Input data.
(* Let $M=P+\varepsilon D\in\mathbb{DH}[t]$ be monic with $\operatorname{mrpf}(P)=1$, and write $P\overline{P}=\prod_{i=1}^m N_i^{n_i}$ with pairwise coprime, irreducible, monic quadratic polynomials $N_1,\dots,N_m\in\mathbb{R}[t]$ and positive integers $n_1,\dots,n_m$. Then $M$ admits a factorization $M=(t-h_1)(t-h_2)\cdots(t-h_k)$ with $h_1,\dots,h_k\in\mathbb{DH}$ if and only if $\prod_{i=1}^m N_i^{n_i-1}$ divides the norm polynomial $M\overline{M}$ in $\mathbb{D}[t]$ (equivalently, $\prod_{i=1}^m N_i^{n_i-1}$ divides the dual part $P\overline{D}+D\overline{P}$ of $M\overline{M}$ in $\mathbb{R}[t]$).
   Context: $\mathbb{D}=\mathbb{R}[\varepsilon]/\langle\varepsilon^2\rangle$ denotes the dual numbers. $\mathbb{H}$ denotes the real quaternions with basis $1,\mathbf{i},\mathbf{j},\mathbf{k}$, $\mathbf{i}^2=\mathbf{j}^2=\mathbf{k}^2=\mathbf{i}\mathbf{j}\mathbf{k}=-1$. The dual quaternions $\mathbb{DH}$ are the $\mathbb{D}$-algebra $\mathbb{H}\otimes_{\mathbb{R}}\mathbb{D}$ ($\varepsilon$ commutes with $\mathbf{i},\mathbf{j},\mathbf{k}$). The conjugate of $q=q_0+q_1\mathbf{i}+q_2\mathbf{j}+q_3\mathbf{k}$ ($q_i\in\mathbb{D}$) is $\overline{q}=q_0-q_1\mathbf{i}-q_2\mathbf{j}-q_3\mathbf{k}$. $\mathbb{DH}[t]$ is the ring of polynomials with dual quaternion coefficients in which $t$ commutes with all coefficients. For $M=\sum m_it^i$, $\overline{M}=\sum\overline{m_i}t^i$ and the norm polynomial is $M\overline{M}=\overline{M}M\in\mathbb{D}[t]$. Every $M\in\mathbb{DH}[t]$ is written $M=P+\varepsilon D$ with $P,D\in\mathbb{H}[t]$ (primal and dual part); then $M\overline{M}=P\overline{P}+\varepsilon(P\overline{D}+D\overline{P})$. For $P\in\mathbb{H}[t]$, $\operatorname{mrpf}(P)$ denotes the maximal (monic) real polynomial factor of $P$, i.e. the monic $c\in\mathbb{R}[t]$ of largest degree with $P=cP'$ for some $P'\in\mathbb{H}[t]$; $\operatorname{mrpf}(P)=1$ means $P$ has no real polynomial factor of positive degree. *)

From HB Require Import structures.
From mathcomp Require Import all_boot all_order all_algebra.
From mathcomp Require Import reals.
Set Implicit Arguments. Unset Strict Implicit. Unset Printing Implicit Defensive.
Import Order.TTheory GRing.Theory Num.Theory.
Local Open Scope ring_scope.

Instructions for the task. Retype, without any change, every line from the one with "From mathcomp Require Import all_boot" to the bottom of the listing.

Reply.
From mathcomp Require Import all_boot all_order all_algebra.
From mathcomp Require Import reals.
Set Implicit Arguments. Unset Strict Implicit. Unset Printing Implicit Defensive.
Import Order.TTheory GRing.Theory Num.Theory.
Local Open Scope ring_scope.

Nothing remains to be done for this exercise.